— WHAT THE EXERCISE ASKS —
In the records below, find the line that contains "have h_gt0 : 0" and the line that contains "Lemma quadratic_ge0_linear_coef_eq0 (R", then retype exactly those two lines and every line between them.

Dataset entries
++++++

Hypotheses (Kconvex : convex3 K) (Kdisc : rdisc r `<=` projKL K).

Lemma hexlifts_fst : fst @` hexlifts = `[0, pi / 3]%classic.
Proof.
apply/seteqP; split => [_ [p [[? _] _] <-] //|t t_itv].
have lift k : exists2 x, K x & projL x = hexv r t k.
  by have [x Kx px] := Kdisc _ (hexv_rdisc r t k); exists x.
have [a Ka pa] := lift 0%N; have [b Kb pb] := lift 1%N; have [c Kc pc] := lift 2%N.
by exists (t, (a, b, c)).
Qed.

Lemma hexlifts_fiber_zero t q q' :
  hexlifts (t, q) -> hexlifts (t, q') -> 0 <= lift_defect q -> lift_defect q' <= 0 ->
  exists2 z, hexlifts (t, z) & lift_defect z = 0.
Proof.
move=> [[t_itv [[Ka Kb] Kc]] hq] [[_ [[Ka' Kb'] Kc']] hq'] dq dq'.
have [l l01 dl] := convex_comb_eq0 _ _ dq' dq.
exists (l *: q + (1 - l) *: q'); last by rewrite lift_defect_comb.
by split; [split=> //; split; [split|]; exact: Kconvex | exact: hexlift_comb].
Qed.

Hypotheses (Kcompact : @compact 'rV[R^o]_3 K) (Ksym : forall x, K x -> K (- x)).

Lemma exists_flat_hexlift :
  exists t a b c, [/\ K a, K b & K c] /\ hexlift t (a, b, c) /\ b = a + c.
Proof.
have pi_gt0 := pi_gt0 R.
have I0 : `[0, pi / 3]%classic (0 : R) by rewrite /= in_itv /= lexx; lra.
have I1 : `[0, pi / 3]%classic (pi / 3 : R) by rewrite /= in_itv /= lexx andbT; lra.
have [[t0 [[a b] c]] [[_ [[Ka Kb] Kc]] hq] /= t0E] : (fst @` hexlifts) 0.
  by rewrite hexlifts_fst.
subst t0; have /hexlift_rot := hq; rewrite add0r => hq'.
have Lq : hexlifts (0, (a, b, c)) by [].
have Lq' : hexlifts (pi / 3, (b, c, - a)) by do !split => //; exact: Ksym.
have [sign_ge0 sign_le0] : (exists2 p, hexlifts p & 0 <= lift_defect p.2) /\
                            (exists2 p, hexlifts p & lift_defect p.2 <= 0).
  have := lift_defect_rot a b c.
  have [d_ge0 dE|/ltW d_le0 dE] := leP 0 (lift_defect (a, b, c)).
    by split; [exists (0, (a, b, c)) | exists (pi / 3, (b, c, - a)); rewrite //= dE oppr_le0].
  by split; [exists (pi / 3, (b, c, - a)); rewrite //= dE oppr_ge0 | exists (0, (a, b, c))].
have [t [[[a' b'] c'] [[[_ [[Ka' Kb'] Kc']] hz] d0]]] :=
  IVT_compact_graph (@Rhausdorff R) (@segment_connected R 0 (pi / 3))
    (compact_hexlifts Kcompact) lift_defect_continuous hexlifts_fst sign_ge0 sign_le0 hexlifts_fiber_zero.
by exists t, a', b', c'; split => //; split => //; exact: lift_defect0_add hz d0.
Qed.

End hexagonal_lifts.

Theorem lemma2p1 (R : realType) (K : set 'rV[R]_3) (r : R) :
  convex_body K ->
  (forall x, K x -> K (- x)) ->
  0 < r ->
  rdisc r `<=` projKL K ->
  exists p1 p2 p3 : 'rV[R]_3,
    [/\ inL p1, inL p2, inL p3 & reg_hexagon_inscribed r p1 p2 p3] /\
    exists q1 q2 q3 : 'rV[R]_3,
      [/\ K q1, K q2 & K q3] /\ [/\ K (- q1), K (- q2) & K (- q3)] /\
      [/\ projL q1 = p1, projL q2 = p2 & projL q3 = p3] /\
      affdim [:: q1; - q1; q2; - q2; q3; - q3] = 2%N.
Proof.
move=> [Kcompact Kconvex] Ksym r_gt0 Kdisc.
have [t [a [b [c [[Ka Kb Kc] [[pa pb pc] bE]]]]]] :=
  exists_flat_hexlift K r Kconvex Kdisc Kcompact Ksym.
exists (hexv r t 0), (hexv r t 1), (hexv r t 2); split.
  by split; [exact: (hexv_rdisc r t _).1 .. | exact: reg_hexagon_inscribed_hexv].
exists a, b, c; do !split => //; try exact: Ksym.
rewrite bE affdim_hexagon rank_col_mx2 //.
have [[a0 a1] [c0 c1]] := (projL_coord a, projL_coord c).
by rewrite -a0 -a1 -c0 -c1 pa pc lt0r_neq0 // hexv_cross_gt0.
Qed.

++++++

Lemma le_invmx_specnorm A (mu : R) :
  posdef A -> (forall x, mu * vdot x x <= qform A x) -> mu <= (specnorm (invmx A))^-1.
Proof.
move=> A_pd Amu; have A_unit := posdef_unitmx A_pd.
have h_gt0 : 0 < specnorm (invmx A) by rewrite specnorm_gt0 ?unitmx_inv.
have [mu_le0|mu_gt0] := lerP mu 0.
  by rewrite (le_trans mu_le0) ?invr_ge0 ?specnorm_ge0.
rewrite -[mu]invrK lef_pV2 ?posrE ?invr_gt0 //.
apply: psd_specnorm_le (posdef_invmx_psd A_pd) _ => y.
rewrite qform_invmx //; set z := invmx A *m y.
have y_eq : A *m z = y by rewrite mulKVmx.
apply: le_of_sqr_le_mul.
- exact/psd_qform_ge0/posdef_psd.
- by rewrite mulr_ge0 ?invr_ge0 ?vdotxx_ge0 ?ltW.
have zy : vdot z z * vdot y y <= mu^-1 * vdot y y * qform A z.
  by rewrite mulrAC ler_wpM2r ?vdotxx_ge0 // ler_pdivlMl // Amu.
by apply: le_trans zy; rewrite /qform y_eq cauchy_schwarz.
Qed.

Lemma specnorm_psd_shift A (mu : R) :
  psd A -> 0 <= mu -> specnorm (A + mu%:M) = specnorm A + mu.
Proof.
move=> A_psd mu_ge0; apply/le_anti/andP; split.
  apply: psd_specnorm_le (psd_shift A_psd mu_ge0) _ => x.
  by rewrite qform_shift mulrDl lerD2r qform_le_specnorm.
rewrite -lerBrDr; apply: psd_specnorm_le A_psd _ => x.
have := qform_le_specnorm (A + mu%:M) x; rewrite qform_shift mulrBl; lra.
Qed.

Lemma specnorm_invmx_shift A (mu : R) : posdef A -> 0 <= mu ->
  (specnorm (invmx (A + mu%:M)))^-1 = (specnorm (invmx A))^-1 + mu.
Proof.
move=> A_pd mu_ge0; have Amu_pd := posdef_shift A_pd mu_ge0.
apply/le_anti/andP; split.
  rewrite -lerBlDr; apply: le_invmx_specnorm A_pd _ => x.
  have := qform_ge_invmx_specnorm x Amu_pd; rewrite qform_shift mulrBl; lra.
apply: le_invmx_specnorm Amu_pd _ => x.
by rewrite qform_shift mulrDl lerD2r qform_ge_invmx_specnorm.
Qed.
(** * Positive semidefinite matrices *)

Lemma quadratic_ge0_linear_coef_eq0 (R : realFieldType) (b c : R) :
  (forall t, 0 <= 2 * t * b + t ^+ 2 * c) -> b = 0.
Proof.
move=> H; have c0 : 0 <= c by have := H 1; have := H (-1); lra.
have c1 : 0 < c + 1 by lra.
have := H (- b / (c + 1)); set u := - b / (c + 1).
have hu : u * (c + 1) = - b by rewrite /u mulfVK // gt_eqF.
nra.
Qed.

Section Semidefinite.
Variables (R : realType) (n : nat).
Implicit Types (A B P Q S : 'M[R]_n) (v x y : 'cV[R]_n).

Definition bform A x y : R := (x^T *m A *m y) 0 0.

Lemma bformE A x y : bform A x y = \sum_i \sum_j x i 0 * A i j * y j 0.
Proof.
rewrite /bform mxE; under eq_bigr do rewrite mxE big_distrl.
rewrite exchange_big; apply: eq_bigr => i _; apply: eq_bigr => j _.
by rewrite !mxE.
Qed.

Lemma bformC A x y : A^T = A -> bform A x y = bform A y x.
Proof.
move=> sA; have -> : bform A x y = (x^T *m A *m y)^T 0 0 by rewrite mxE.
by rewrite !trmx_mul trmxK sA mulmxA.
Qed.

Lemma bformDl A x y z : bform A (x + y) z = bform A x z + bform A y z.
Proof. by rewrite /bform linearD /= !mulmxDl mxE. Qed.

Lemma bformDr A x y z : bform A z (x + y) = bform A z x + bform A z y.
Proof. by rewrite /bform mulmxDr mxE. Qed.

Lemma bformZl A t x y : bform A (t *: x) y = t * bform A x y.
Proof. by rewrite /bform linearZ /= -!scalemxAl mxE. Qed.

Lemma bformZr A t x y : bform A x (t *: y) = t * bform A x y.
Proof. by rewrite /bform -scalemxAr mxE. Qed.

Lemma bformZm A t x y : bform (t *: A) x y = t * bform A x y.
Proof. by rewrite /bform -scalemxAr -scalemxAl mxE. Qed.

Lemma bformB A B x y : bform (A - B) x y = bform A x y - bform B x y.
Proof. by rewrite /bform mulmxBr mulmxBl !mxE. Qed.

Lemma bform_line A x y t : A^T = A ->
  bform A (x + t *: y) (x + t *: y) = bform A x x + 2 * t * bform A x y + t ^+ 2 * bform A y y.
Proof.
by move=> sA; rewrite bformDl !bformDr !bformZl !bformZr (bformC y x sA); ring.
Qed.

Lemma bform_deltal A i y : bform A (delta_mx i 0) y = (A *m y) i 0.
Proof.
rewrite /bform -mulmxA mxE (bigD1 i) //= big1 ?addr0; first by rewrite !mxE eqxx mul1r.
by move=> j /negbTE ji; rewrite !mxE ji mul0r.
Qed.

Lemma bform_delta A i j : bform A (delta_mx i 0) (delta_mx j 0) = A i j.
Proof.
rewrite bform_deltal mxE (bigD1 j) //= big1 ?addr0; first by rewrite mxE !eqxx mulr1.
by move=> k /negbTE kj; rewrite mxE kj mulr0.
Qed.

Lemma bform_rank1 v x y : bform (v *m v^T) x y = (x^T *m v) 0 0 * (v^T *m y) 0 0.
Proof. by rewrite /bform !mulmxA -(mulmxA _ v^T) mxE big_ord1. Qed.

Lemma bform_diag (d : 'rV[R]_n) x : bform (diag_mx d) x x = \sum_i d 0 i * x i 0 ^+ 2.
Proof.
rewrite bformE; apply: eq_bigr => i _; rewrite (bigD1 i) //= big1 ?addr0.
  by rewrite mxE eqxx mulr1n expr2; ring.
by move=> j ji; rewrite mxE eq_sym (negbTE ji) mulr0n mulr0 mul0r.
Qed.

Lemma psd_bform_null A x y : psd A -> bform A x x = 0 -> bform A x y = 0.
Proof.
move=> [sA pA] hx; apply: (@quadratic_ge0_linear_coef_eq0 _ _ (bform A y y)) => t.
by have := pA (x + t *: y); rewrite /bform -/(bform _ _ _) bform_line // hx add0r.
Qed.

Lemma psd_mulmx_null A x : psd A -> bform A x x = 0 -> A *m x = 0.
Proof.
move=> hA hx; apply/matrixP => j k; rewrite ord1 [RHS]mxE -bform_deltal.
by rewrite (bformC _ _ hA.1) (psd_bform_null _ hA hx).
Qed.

++++++

— SOLUTION TO THE PROBLEM —
have h_gt0 : 0 < specnorm (invmx A) by rewrite specnorm_gt0 ?unitmx_inv.
have [mu_le0|mu_gt0] := lerP mu 0.
  by rewrite (le_trans mu_le0) ?invr_ge0 ?specnorm_ge0.
rewrite -[mu]invrK lef_pV2 ?posrE ?invr_gt0 //.
apply: psd_specnorm_le (posdef_invmx_psd A_pd) _ => y.
rewrite qform_invmx //; set z := invmx A *m y.
have y_eq : A *m z = y by rewrite mulKVmx.
apply: le_of_sqr_le_mul.
- exact/psd_qform_ge0/posdef_psd.
- by rewrite mulr_ge0 ?invr_ge0 ?vdotxx_ge0 ?ltW.
have zy : vdot z z * vdot y y <= mu^-1 * vdot y y * qform A z.
  by rewrite mulrAC ler_wpM2r ?vdotxx_ge0 // ler_pdivlMl // Amu.
by apply: le_trans zy; rewrite /qform y_eq cauchy_schwarz.
Qed.

Lemma specnorm_psd_shift A (mu : R) :
  psd A -> 0 <= mu -> specnorm (A + mu%:M) = specnorm A + mu.
Proof.
move=> A_psd mu_ge0; apply/le_anti/andP; split.
  apply: psd_specnorm_le (psd_shift A_psd mu_ge0) _ => x.
  by rewrite qform_shift mulrDl lerD2r qform_le_specnorm.
rewrite -lerBrDr; apply: psd_specnorm_le A_psd _ => x.
have := qform_le_specnorm (A + mu%:M) x; rewrite qform_shift mulrBl; lra.
Qed.

Lemma specnorm_invmx_shift A (mu : R) : posdef A -> 0 <= mu ->
  (specnorm (invmx (A + mu%:M)))^-1 = (specnorm (invmx A))^-1 + mu.
Proof.
move=> A_pd mu_ge0; have Amu_pd := posdef_shift A_pd mu_ge0.
apply/le_anti/andP; split.
  rewrite -lerBlDr; apply: le_invmx_specnorm A_pd _ => x.
  have := qform_ge_invmx_specnorm x Amu_pd; rewrite qform_shift mulrBl; lra.
apply: le_invmx_specnorm Amu_pd _ => x.
by rewrite qform_shift mulrDl lerD2r qform_ge_invmx_specnorm.
Qed.
(** * Positive semidefinite matrices *)

Lemma quadratic_ge0_linear_coef_eq0 (R : realFieldType) (b c : R) :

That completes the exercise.